There will be innumerable analyses of reactions to Bush’s speech. GOP pollsters Frank Luntz, Jan van Lohuizen and Matthew Dowd are probably still sifting through empirical and statistical data on the public reaction to the oration. Major media organizations in the nation are still poring over their transcripts with focus groups in an attempt to discern which themes effectively portrayed the president’s positions.

I would suspect that the cowboy flourishes – Bush’s drawl that “they (al-Qaida terrorists) are no longer a problem to the United States and our friends and allies” – will be remembered as a boastful mistake. The unrepentant machismo cannot help the U.S. cause among the fence-sitters and plays into the worst stereotypes of Bush as a free-wheeling and uncontrollable Westerner. Especially in the scorned nations of “Old Europe,” these rhetorical excesses prickle the conscience and minds of both elites and masses.
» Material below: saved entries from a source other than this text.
(* Let $\mathcal X$ be a finite multi-set of real symmetric $2\times2$ matrices with $\lambda_1$ the unique largest eigenvalue of $\mathcal X$ (with eigenvector $u_1$, belonging to $X_1$, and $v_1\perp u_1$ a unit vector). Suppose the second largest eigenvalue $\lambda_2$ of $\mathcal X$ is unique and its associated eigenvector $u_2$ is not perpendicular to $u_1$. Then there exists $\varepsilon>0$ such that $$S':=\lambda_1u_1u_1^{\mathsf T}+(\lambda_2-\varepsilon)v_1v_1^{\mathsf T}\in\mathcal U(\mathcal X).$$
   Context: $\mathrm{Sym}(2)$ is the set of real symmetric $2\times2$ matrices; $A\le_{\mathrm L}B$ (Loewner order) means $B-A$ is positive semidefinite. $\mathcal U(\mathcal X):=\{Y\in\mathrm{Sym}(2):X\le_{\mathrm L}Y\ \forall X\in\mathcal X\}$. Each $X\in\mathcal X$ has spectral form $X=\lambda uu^{\mathsf T}+\mu vv^{\mathsf T}$, $\lambda\ge\mu$, $u\perp v$ unit vectors; ''the eigenvalues of $\mathcal X$'' means the multi-set of all these $\lambda,\mu$ (two per matrix) with their associated eigenvectors; an eigenvalue is unique if it occurs exactly once in this multi-set. *)

From HB Require Import structures.
From mathcomp Require Import all_boot all_order all_algebra.
Set Implicit Arguments. Unset Strict Implicit. Unset Printing Implicit Defensive.
Import Order.TTheory GRing.Theory Num.Theory.
Local Open Scope ring_scope.

Section Defs.
Variable R : realFieldType.

Definition dot2 (x y : 'cV[R]_2) : R := (x^T *m y) 0 0.

Definition sym2 (A : 'M[R]_2) : Prop := A^T = A.

Definition psd2 (A : 'M[R]_2) : Prop :=
  sym2 A /\ forall x : 'cV[R]_2, 0 <= (x^T *m A *m x) 0 0.

Definition loewner_le (A B : 'M[R]_2) : Prop := psd2 (B - A).

(* U(X) for a finite family (multi-set) X indexed by a finite type I. *)
Definition upper_set (I : finType) (X : I -> 'M[R]_2) (Y : 'M[R]_2) : Prop :=
  sym2 Y /\ forall i, loewner_le (X i) Y.

Definition proj2 (u : 'cV[R]_2) : 'M[R]_2 := u *m u^T.

Definition spectral_form (I : finType) (X : I -> 'M[R]_2)
    (lam mu : I -> R) (u v : I -> 'cV[R]_2) : Prop :=
  forall i, [/\ X i = lam i *: proj2 (u i) + mu i *: proj2 (v i),
                mu i <= lam i, dot2 (u i) (u i) = 1, dot2 (v i) (v i) = 1
              & dot2 (u i) (v i) = 0].

(* The multi-set of eigenvalues: two entries per matrix, indexed by I * bool
   (true = the larger eigenvalue lam with eigenvector u, false = mu with v). *)
Definition eigval (I : finType) (lam mu : I -> R) (e : I * bool) : R :=
  if e.2 then lam e.1 else mu e.1.
Definition eigvec (I : finType) (u v : I -> 'cV[R]_2) (e : I * bool) : 'cV[R]_2 :=
  if e.2 then u e.1 else v e.1.

End Defs.

From HB Require Import structures.
From mathcomp Require Import all_boot all_order all_algebra.
From mathcomp Require Import ring lra.
Import Order.TTheory GRing.Theory Num.Theory.
Local Open Scope ring_scope.

(* Write S' = lam1 u1 u1^T + t v1 v1^T with t = lam2 - eps and compare
   quadratic forms.  For X1 the u1-parts cancel and only mu1 <= t is needed.  Every other matrix except
   X2 has both eigenvalues at most lam3 < lam2, so it lies below t I <= S' once
   eps <= lam2 - lam3.  For X2, writing u2 = c u1 + s v1 with c <> 0, the form
   of S' - X2 is (al + d) p^2 + (d - eps) q^2 - d (c p + s q)^2 with
   al = lam1 - lam2 and d = lam2 - mu2, which stays nonnegative as long as
   eps (al + d) <= al d c^2. *)

Section Orthonormal.
Context {R : realFieldType}.
Implicit Types (a b w x y : 'cV[R]_2) (A B : 'M[R]_2) (l m : R).

Definition orthonormal2 a b : Prop :=
  [/\ dot2 a a = 1, dot2 b b = 1 & dot2 a b = 0].

Lemma dot2C x y : dot2 x y = dot2 y x.
Proof. by rewrite /dot2 -[x^T *m y]trmxK trmx_mul trmxK mxE. Qed.

Definition mxform A x y : R := (x^T *m A *m y) 0 0.

Lemma mxformD A B x y : mxform (A + B) x y = mxform A x y + mxform B x y.
Proof. by rewrite /mxform mulmxDr mulmxDl mxE. Qed.

Lemma mxformB A B x y : mxform (A - B) x y = mxform A x y - mxform B x y.
Proof. by rewrite /mxform mulmxBr mulmxBl !mxE. Qed.

Lemma mxformZ c A x y : mxform (c *: A) x y = c * mxform A x y.
Proof. by rewrite /mxform -scalemxAr -scalemxAl mxE. Qed.

Lemma mxform1 x y : mxform 1%:M x y = dot2 x y.
Proof. by rewrite /mxform mulmx1. Qed.

Lemma mxform_proj2 w x y : mxform (proj2 w) x y = dot2 x w * dot2 w y.
Proof.
by rewrite /mxform /proj2 mulmxA -mulmxA [w^T *m y]mx11_scalar mul_mx_scalar mxE mulrC.
Qed.

Lemma mxform_pencil l m a b x :
  mxform (l *: proj2 a + m *: proj2 b) x x = l * dot2 a x ^+ 2 + m * dot2 b x ^+ 2.
Proof. by rewrite mxformD !mxformZ !mxform_proj2 ![dot2 x _]dot2C. Qed.

Lemma sym2_pencil l m a b : sym2 (l *: proj2 a + m *: proj2 b).
Proof. by rewrite /sym2 linearD /= !linearZ /= /proj2 !trmx_mul !trmxK. Qed.

(* The Gram matrix of the rows of [col_mx a^T b^T] is the identity, hence so
   is that of its columns. *)
Lemma proj2_orthonormal a b : orthonormal2 a b -> proj2 a + proj2 b = 1%:M.
Proof.
case=> ha hb hab; pose M : 'M[R]_(1 + 1, 2) := col_mx a^T b^T.
have MMt : M *m M^T = 1%:M.
  rewrite /M tr_col_mx !trmxK mul_col_row (scalar_mx_block 1 1 1).
  rewrite [a^T *m a]mx11_scalar [b^T *m b]mx11_scalar [a^T *m b]mx11_scalar.
  rewrite [b^T *m a]mx11_scalar -/(dot2 a a) -/(dot2 b b) -/(dot2 a b) -/(dot2 b a).
  by rewrite [dot2 b a]dot2C ha hb hab raddf0.
by have := mulmx1C MMt; rewrite /M tr_col_mx !trmxK mul_row_col.
Qed.

Lemma dot2_orthonormal a b x y : orthonormal2 a b ->
  dot2 x y = dot2 x a * dot2 a y + dot2 x b * dot2 b y.
Proof.
by move=> hab; rewrite -mxform1 -(proj2_orthonormal _ _ hab) mxformD !mxform_proj2.
Qed.

Lemma sqr_dot2_orthonormal a b x : orthonormal2 a b ->
  dot2 a x ^+ 2 + dot2 b x ^+ 2 = dot2 x x.
Proof. by move=> hab; rewrite (dot2_orthonormal _ _ x x hab) ![dot2 x _]dot2C !expr2. Qed.

Lemma loewner_le_pencil l m a b l' m' a' b' :
  (forall x, l * dot2 a x ^+ 2 + m * dot2 b x ^+ 2
             <= l' * dot2 a' x ^+ 2 + m' * dot2 b' x ^+ 2) ->
  loewner_le (l *: proj2 a + m *: proj2 b) (l' *: proj2 a' + m' *: proj2 b').
Proof.
move=> hle; split=> [|x].
  by rewrite /sym2 linearB /= !sym2_pencil.
by rewrite -/(mxform _ x x) mxformB !mxform_pencil subr_ge0.
Qed.

End Orthonormal.

(* Multiplying the quadratic form by [al + d s^2 > 0] completes the square in [p]. *)
Lemma tilted_quadratic_ge0 {R : realFieldType} (p q al d c s eps : R) :
  0 < al -> 0 < d -> c ^+ 2 + s ^+ 2 = 1 -> 0 <= eps ->
  eps * (al + d) <= al * d * c ^+ 2 ->
  0 <= (al + d) * p ^+ 2 + (d - eps) * q ^+ 2 - d * (c * p + s * q) ^+ 2.
Proof.
move=> hal hd hcs he hle.
set Q := _ - _; set T := al + d * s ^+ 2.
have hT : 0 < T by rewrite /T; have := sqr_ge0 s; nra.
have hTQ : T * Q = (T * p - d * c * s * q) ^+ 2 + (al * d * c ^+ 2 - eps * T) * q ^+ 2
    - T * d * (c ^+ 2 + s ^+ 2 - 1) * (p ^+ 2 + q ^+ 2) by rewrite /Q /T; ring.
rewrite hcs subrr mulr0 mul0r subr0 in hTQ.
have hT_le : eps * T <= eps * (al + d).
  by rewrite /T; apply: ler_wpM2l => //; have := sqr_ge0 c; nra.
have : 0 <= T * Q.
  by rewrite hTQ addr_ge0 ?sqr_ge0 // mulr_ge0 ?sqr_ge0 //; lra.
by rewrite pmulr_rge0.
Qed.

Section Domination.
Context {R : realFieldType}.
Context {u1 v1 : 'cV[R]_2} {lam1 t : R}.
Hypothesis u1v1 : orthonormal2 u1 v1.
Implicit Types (a b w : 'cV[R]_2) (l m : R).

Let S := lam1 *: proj2 u1 + t *: proj2 v1.

Lemma loewner_le_common_axis {m w} : orthonormal2 u1 w -> m <= t ->
  loewner_le (lam1 *: proj2 u1 + m *: proj2 w) S.
Proof.
move=> u1w hmt; apply: loewner_le_pencil => x.
have -> : dot2 w x ^+ 2 = dot2 v1 x ^+ 2.
  by apply: (addrI (dot2 u1 x ^+ 2)); rewrite !sqr_dot2_orthonormal.
have : 0 <= (t - m) * dot2 v1 x ^+ 2 by rewrite mulr_ge0 ?sqr_ge0 ?subr_ge0.
lra.
Qed.

Lemma loewner_le_below {l m a b} : orthonormal2 a b ->
  m <= l -> l <= t -> t <= lam1 -> loewner_le (l *: proj2 a + m *: proj2 b) S.
Proof.
move=> ab hml hlt htl; apply: loewner_le_pencil => x.
have : t * (dot2 a x ^+ 2 + dot2 b x ^+ 2) = t * (dot2 u1 x ^+ 2 + dot2 v1 x ^+ 2).
  by rewrite !sqr_dot2_orthonormal.
have : 0 <= (l - m) * dot2 b x ^+ 2 by rewrite mulr_ge0 ?sqr_ge0 ?subr_ge0.
have : 0 <= (t - l) * (dot2 a x ^+ 2 + dot2 b x ^+ 2).
  by rewrite mulr_ge0 ?subr_ge0 // addr_ge0 ?sqr_ge0.
have : 0 <= (lam1 - t) * dot2 u1 x ^+ 2 by rewrite mulr_ge0 ?sqr_ge0 ?subr_ge0.
lra.
Qed.

Lemma loewner_le_tilted {l m a b} : orthonormal2 a b ->
  m < l -> l < lam1 -> t <= l ->
  (l - t) * (lam1 - m) <= (lam1 - l) * (l - m) * dot2 a u1 ^+ 2 ->
  loewner_le (l *: proj2 a + m *: proj2 b) S.
Proof.
move=> ab hml hl1 htl hgap; apply: loewner_le_pencil => x.
have ha : dot2 a x = dot2 a u1 * dot2 u1 x + dot2 a v1 * dot2 v1 x.
  by rewrite (dot2_orthonormal _ _ a x u1v1).
have hcs : dot2 a u1 ^+ 2 + dot2 a v1 ^+ 2 = 1.
  by rewrite ![dot2 a _]dot2C sqr_dot2_orthonormal //; case: ab.
have hb : dot2 b x ^+ 2 = dot2 u1 x ^+ 2 + dot2 v1 x ^+ 2 - dot2 a x ^+ 2.
  rewrite (sqr_dot2_orthonormal _ _ x u1v1) -(sqr_dot2_orthonormal _ _ x ab).
  by rewrite addrAC subrr add0r.
have hal : 0 < lam1 - l by rewrite subr_gt0.
have hd : 0 < l - m by rewrite subr_gt0.
have heps : 0 <= l - t by rewrite subr_ge0.
have := tilted_quadratic_ge0 (dot2 u1 x) (dot2 v1 x) _ _ _ _ _ hal hd hcs heps.
have -> : lam1 - l + (l - m) = lam1 - m by ring.
move=> /(_ hgap).
rewrite hb ha; lra.
Qed.

End Domination.

Lemma uniform_gap {R : realFieldType} {T : finType} (P : pred T) (f : T -> R) (m : R) :
  (forall e, P e -> f e < m) -> exists2 g, 0 < g & forall e, P e -> f e + g <= m.
Proof.
move=> hlt; case: (pickP P) => [e0 Pe0 | noP]; last by exists 1 => // e; rewrite noP.
case: (arg_maxP f Pe0) => e Pe emax; exists (m - f e); first by rewrite subr_gt0 hlt.
by move=> e' /emax /= h; lra.
Qed.

Section EigenvalueOrder.
Context {R : realFieldType} {I : finType}.
Context {lam mu : I -> R}.
Hypothesis mu_le_lam : forall i, mu i <= lam i.

Lemma largest_eigval_is_lam {e1} :
  (forall e, e != e1 -> eigval lam mu e < eigval lam mu e1) -> e1.2.
Proof.
case: e1 => i [] //= H1; have := H1 (i, true).
by rewrite xpair_eqE andbF /eigval /= => /(_ isT); rewrite ltNge mu_le_lam.
Qed.

Lemma second_eigval_is_lam {e1 e2} :
  (forall e, e != e1 -> e != e2 -> eigval lam mu e < eigval lam mu e2) ->
  e2.1 != e1.1 -> e2.2.
Proof.
case: e1 e2 => i1 b1 [i2 []] //= H2 hi; have := H2 (i2, true).
rewrite !xpair_eqE (negbTE hi) andbF /eigval /= => /(_ isT isT).
by rewrite ltNge mu_le_lam.
Qed.

End EigenvalueOrder.

Lemma eigvec_index_neq {R : realFieldType} {I : finType} {u v : I -> 'cV[R]_2} {i1 e2} :
  (forall i, dot2 (u i) (v i) = 0) -> e2 != (i1, true) ->
  dot2 (eigvec u v e2) (u i1) != 0 -> e2.1 != i1.
Proof.
case: e2 => i [] huv /=; first by rewrite xpair_eqE andbT.
by move=> _; apply: contra => /eqP ->; rewrite /eigvec /= dot2C huv.
Qed.

Lemma small_tilt_exists {R : realFieldType} (g al d c2 : R) :
  0 < g -> 0 < al -> 0 < d -> 0 < c2 ->
  exists eps, [/\ 0 < eps, eps <= g & eps * (al + d) <= al * d * c2].
Proof.
move=> g_gt0 al_gt0 d_gt0 c2_gt0; have ad_gt0 : 0 < al + d by rewrite addr_gt0.
exists (Order.min g (al * d * c2 / (al + d))); split.
- by rewrite lt_min g_gt0 !divr_gt0 ?mulr_gt0.
- by rewrite ge_min lexx.
- by rewrite -ler_pdivlMr // ge_min lexx orbT.
Qed.

Section TiltedUpperBound.
Context {R : realFieldType} {I : finType} {X : I -> 'M[R]_2}.
Context {lam mu : I -> R} {u v : I -> 'cV[R]_2}.
Hypothesis spec : spectral_form X lam mu u v.
Context {i1 i2 : I} {v1 : 'cV[R]_2}.
Hypothesis u1v1 : orthonormal2 (u i1) v1.
Hypotheses (lam21 : lam i2 < lam i1) (mu2 : mu i2 < lam i2).
Hypothesis lam2_second : forall e, e != (i1, true) -> e != (i2, true) ->
  eigval lam mu e < lam i2.
Hypothesis u2u1_neq0 : dot2 (u i2) (u i1) != 0.

Lemma upper_set_tilted : exists2 eps, 0 < eps &
  upper_set X (lam i1 *: proj2 (u i1) + (lam i2 - eps) *: proj2 v1).
Proof.
have onb i : orthonormal2 (u i) (v i) by case: (spec i).
have [g g_gt0 hg] : exists2 g, 0 < g & forall e,
    (e != (i1, true)) && (e != (i2, true)) -> eigval lam mu e + g <= lam i2.
  by apply: uniform_gap => e /andP[]; exact: lam2_second.
have [|||eps [eps_gt0 eps_le_g eps_tilt]] :=
  @small_tilt_exists _ g (lam i1 - lam i2) (lam i2 - mu i2) (dot2 (u i2) (u i1) ^+ 2) g_gt0.
- by rewrite subr_gt0.
- by rewrite subr_gt0.
- by rewrite exprn_even_gt0.
exists eps => //; split => [|i]; first exact: sym2_pencil.
have [-> _ _ _ _] := spec i.
case: (eqVneq i i1) => [-> | ne1].
  apply: loewner_le_common_axis => //.
  have := hg (i1, false); rewrite !xpair_eqE /= !andbF => /(_ isT).
  by rewrite /eigval /=; lra.
case: (eqVneq i i2) => [-> | ne2].
  apply: (loewner_le_tilted u1v1 (onb i2) mu2 lam21); first lra.
  have -> : lam i2 - (lam i2 - eps) = eps by ring.
  by have -> : lam i1 - mu i2 = lam i1 - lam i2 + (lam i2 - mu i2) by ring.
have [_ mu_le_lam _ _ _] := spec i.
apply: (loewner_le_below u1v1 (onb i) mu_le_lam); last by move: lam21; lra.
have := hg (i, true); rewrite !xpair_eqE /= !andbT ne1 ne2 => /(_ isT).
by rewrite /eigval /=; lra.
Qed.

End TiltedUpperBound.

Theorem lemma7 (R : realFieldType) (I : finType) (X : I -> 'M[R]_2)
    (lam mu : I -> R) (u v : I -> 'cV[R]_2)
    (Hspec : spectral_form X lam mu u v)
    (e1 e2 : I * bool) (v1 : 'cV[R]_2)
    (H1 : forall e, e != e1 -> eigval lam mu e < eigval lam mu e1)
    (Hv1 : dot2 v1 v1 = 1) (Hv1u1 : dot2 (eigvec u v e1) v1 = 0)
    (H12 : e2 != e1)
    (H2 : forall e, e != e1 -> e != e2 -> eigval lam mu e < eigval lam mu e2)
    (Hperp : dot2 (eigvec u v e2) (eigvec u v e1) != 0) :
  exists eps : R, 0 < eps /\
    upper_set X (eigval lam mu e1 *: proj2 (eigvec u v e1)
                 + (eigval lam mu e2 - eps) *: proj2 v1).
Proof.
have mu_le_lam i : mu i <= lam i by case: (Hspec i).
have onb i : orthonormal2 (u i) (v i) by case: (Hspec i).
have uv_orth i : dot2 (u i) (v i) = 0 by case: (onb i).
case: e1 H1 Hv1u1 H12 H2 Hperp => i1 [] H1 Hv1u1 H12 H2 Hperp; last first.
  by have := largest_eigval_is_lam mu_le_lam H1.
have i2_neq := eigvec_index_neq uv_orth H12 Hperp.
case: e2 H12 H2 Hperp i2_neq => i2 [] H12 H2 Hperp /= i2_neq; last first.
  by have := second_eigval_is_lam mu_le_lam H2 i2_neq.
have u1v1 : orthonormal2 (u i1) v1 by split; case: (onb i1).
have lam21 : lam i2 < lam i1 by apply: (H1 (i2, true)); rewrite xpair_eqE negb_and i2_neq.
have mu2 : mu i2 < lam i2.
  by apply: (H2 (i2, false)); rewrite xpair_eqE negb_and ?i2_neq ?orbT.
have [eps eps_gt0 hU] := upper_set_tilted Hspec u1v1 lam21 mu2 H2 Hperp.
by exists eps.
Qed.
(* For every $N\ge3$, the given generators of $I_N$ form a regular sequence in $\mathbb C[k_1,\dots,k_N]$ and the given generators of $I'_N$ form a regular sequence in $\mathbb C[v_1,w_1,\dots,v_N,w_N]$; so the quotients are complete intersections.
   Context: Write $k_i=\begin{pmatrix}a_i&b_i\\c_i&d_i\end{pmatrix}$ ($4N$ variables), $Q_i=a_id_i-b_ic_i$, and let $v_i,w_i$ be $2$-component column vectors of variables ($4N$ variables). $I_N\subset\mathbb C[k_1,\dots,k_N]$ is generated by the four entries of $k_1+\dots+k_N$ and $Q_1,\dots,Q_N$; $I'_N\subset\mathbb C[v,w]$ is generated by the four entries of $v_1w_1^T+\dots+v_Nw_N^T$. *)

From HB Require Import structures.
From mathcomp Require Import all_boot all_order all_algebra.
From mathcomp Require Import reals.
From mathcomp Require Import complex.
From mathcomp Require Import mpoly.
Set Implicit Arguments. Unset Strict Implicit. Unset Printing Implicit Defensive.
Import GRing.Theory.
Local Open Scope ring_scope.

Definition in_ideal_gen (n : nat) (K : comRingType) (s : seq {mpoly K[n]})
    (p : {mpoly K[n]}) : Prop :=
  exists c : seq {mpoly K[n]}, p = \sum_(i < size s) c`_i * s`_i.

Definition regular_seq (n : nat) (K : comRingType) (s : seq {mpoly K[n]}) : Prop :=
  ~ in_ideal_gen s 1 /\
  forall i : nat, (i < size s)%N -> forall g : {mpoly K[n]},
    in_ideal_gen (take i s) (g * s`_i) -> in_ideal_gen (take i s) g.

Definition var4 (K : comRingType) (N j : nat) : {mpoly K[4 * N]} :=
  match (4 * N)%N as m return {mpoly K[m]} with
  | 0 => 0
  | m.+1 => 'X_(@inord m j)
  end.

(* Variables of C[k_1..k_N]: k_i = [[a_i,b_i],[c_i,d_i]] with (0-based i)
   a_i = X_(4i), b_i = X_(4i+1), c_i = X_(4i+2), d_i = X_(4i+3). *)
Definition ka K N i := var4 K N (4 * i).
Definition kb K N i := var4 K N (4 * i + 1).
Definition kc K N i := var4 K N (4 * i + 2).
Definition kd K N i := var4 K N (4 * i + 3).

(* Generators of I_N: the four entries (a,b,c,d order) of k_1+...+k_N,
   then Q_1, ..., Q_N with Q_i = a_i d_i - b_i c_i. *)
Definition IN_gens (K : comRingType) (N : nat) : seq {mpoly K[4 * N]} :=
  [:: \sum_(i < N) ka K N i; \sum_(i < N) kb K N i;
      \sum_(i < N) kc K N i; \sum_(i < N) kd K N i]
  ++ [seq ka K N i * kd K N i - kb K N i * kc K N i | i <- iota 0 N].

(* Variables of C[v,w]: v_i = (X_(4i), X_(4i+1))^T, w_i = (X_(4i+2), X_(4i+3))^T. *)
Definition v1 K N i := var4 K N (4 * i).
Definition v2 K N i := var4 K N (4 * i + 1).
Definition w1 K N i := var4 K N (4 * i + 2).
Definition w2 K N i := var4 K N (4 * i + 3).

(* Generators of I'_N: the four entries ((1,1),(1,2),(2,1),(2,2)) of
   sum_i v_i w_i^T. *)
Definition IpN_gens (K : comRingType) (N : nat) : seq {mpoly K[4 * N]} :=
  [:: \sum_(i < N) v1 K N i * w1 K N i; \sum_(i < N) v1 K N i * w2 K N i;
      \sum_(i < N) v2 K N i * w1 K N i; \sum_(i < N) v2 K N i * w2 K N i].

From HB Require Import structures.
From mathcomp Require Import all_boot all_order all_algebra.
From mathcomp Require Import reals complex mpoly zify.

(* The monomial order of mpoly compares total degrees first.  The substitution
   X_i := X_i * Y_i ^ w_i is an injective ring map (Y_i := 1 undoes it) under
   which total degree becomes the weighted degree with weights 1 + w_i, so it
   realises weighted leading monomials.  For suitable weights the leading
   monomials of the generators have pairwise disjoint supports, and nonzero
   polynomials f_0, ..., f_r with pairwise coprime leading monomials form a
   regular sequence.  Indeed, in a syzygy sum_k g_k f_k = 0 the largest
   leading monomial of the terms g_k f_k occurs at two indices i != j; by
   coprimality lm f_j divides lm g_i, and adding the Koszul syzygy
   h (f_i e_j - f_j e_i), with h the quotient of the leading terms, lowers the
   top of the syzygy without changing g_r modulo (f_0, ..., f_(r-1)).  By
   well-founded induction g_r lies in that ideal. *)

Set Implicit Arguments. Unset Strict Implicit. Unset Printing Implicit Defensive.
Import Order.TTheory GRing.Theory.
Local Open Scope ring_scope.

Section Span.
Variable R : comPzRingType.
Implicit Types (f : nat -> R) (p q : R).

Definition in_span f r p : Prop := exists c : nat -> R, p = \sum_(k < r) c k * f k.
(* [H(Y) <= H(Z)] since [K] is doubly stochastic, and by data processing
   [H(Z | M = m) - H(Y | M = m) <= hWK - hW] for every message [m]. *)
Lemma minfo_degraded_le X Y (Q : 'I_M -> X -> R) (W : X -> Y -> R) (K : Y -> Y -> R)
    (hW hWK : R) :
  (forall m x, 0 <= Q m x) -> (forall m, \sum_x Q m x = 1) ->
  (forall x y, 0 <= W x y) -> (forall y y', 0 <= K y y') ->
  (forall y, \sum_y' K y y' = 1) -> (forall y', \sum_y K y y' = 1) ->
  (forall x, ent (W x) = hW) -> (forall x, ent (chan_comp W K x) = hWK) ->
  minfo (fun m => out_dist (Q m) W) - minfo (fun m => out_dist (Q m) (chan_comp W K))
    <= hWK - hW.
Proof.
move=> Q0 Q1 W0 K0 Kr Kc HW HWK.
have WK0 x y' : 0 <= chan_comp W K x y'.
  by apply: sumr_ge0 => y _; rewrite mulr_ge0.
have mix_comp : mix (fun m => out_dist (Q m) (chan_comp W K)) =
    out_dist (mix (fun m => out_dist (Q m) W)) K.
  apply/funext => y'; rewrite /mix; under eq_bigr do rewrite out_dist_comp.
  rewrite exchange_big /= mulr_sumr; apply: eq_bigr => y _.
  by rewrite -mulr_suml mulrA.
have ent_mix : ent (mix (fun m => out_dist (Q m) W))
    <= ent (mix (fun m => out_dist (Q m) (chan_comp W K))).
  by rewrite mix_comp; apply: ent_le_out_dist => // y; apply: mix_ge0 => m ?;
    apply: out_dist_ge0.
have ent_out m : ent (out_dist (Q m) (chan_comp W K)) - ent (out_dist (Q m) W)
    <= hWK - hW.
  have := xinfo_comp_le (Q0 m) W0 K0 Kr.
  rewrite (xinfoE (Q0 m) W0 (Q1 m) HW) (xinfoE (Q0 m) WK0 (Q1 m) HWK); lra.
have ent_avg : \sum_m (M%:R)^-1 * ent (out_dist (Q m) (chan_comp W K))
    - \sum_m (M%:R)^-1 * ent (out_dist (Q m) W) <= hWK - hW.
  rewrite -sumrB; apply: le_trans (_ : _ <= \sum_m (M%:R)^-1 * (hWK - hW)) _.
    by apply: ler_sum => m _; rewrite -mulrBr ler_pM2l.
  by rewrite -mulr_suml sum_invM mul1r.
rewrite (minfoE (fun m y => out_dist_ge0 y (Q0 m) W0)).
by rewrite (minfoE (fun m y => out_dist_ge0 y (Q0 m) WK0)); lra.
Qed.

Lemma sum_mix Y (P : 'I_M -> Y -> R) :
  (forall m, \sum_y P m y = 1) -> \sum_y mix P y = 1.
Proof.
move=> P1; rewrite -mulr_sumr exchange_big /= (eq_bigr _ (fun m _ => P1 m)).
by rewrite mulr_sumr (eq_bigr _ (fun m _ => mulr1 _)) sum_invM.
Qed.

Lemma minfo_jointE Y (P : 'I_M -> Y -> R) :
  minfo P = \sum_(p : 'I_M * Y) ilog ((M%:R)^-1 * P p.1 p.2) ((M%:R)^-1 * mix P p.2).
Proof.
rewrite sum_pairE; apply: eq_bigr => m _; apply: eq_bigr => y _.
by rewrite ilogZ // ltW.
Qed.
Last year’s speech, hailed as a rhetorically gripping performance, now appears almost quaint. The world has undergone excessive change since the halcyon climate of one year ago. The president faces a rapidly changing world where Le Monde’s memorable headline after Sept. 11 “We Are All Americans Now” has been replaced with a slippery geopolitical scene. From backroom deals for control of the new Europe between Germany and France to a Security Council less amenable to the Bush administration’s wishes, the obstacles lying ahead for the president are vast. Leaving us with one question: Can the hegemon ever be loved?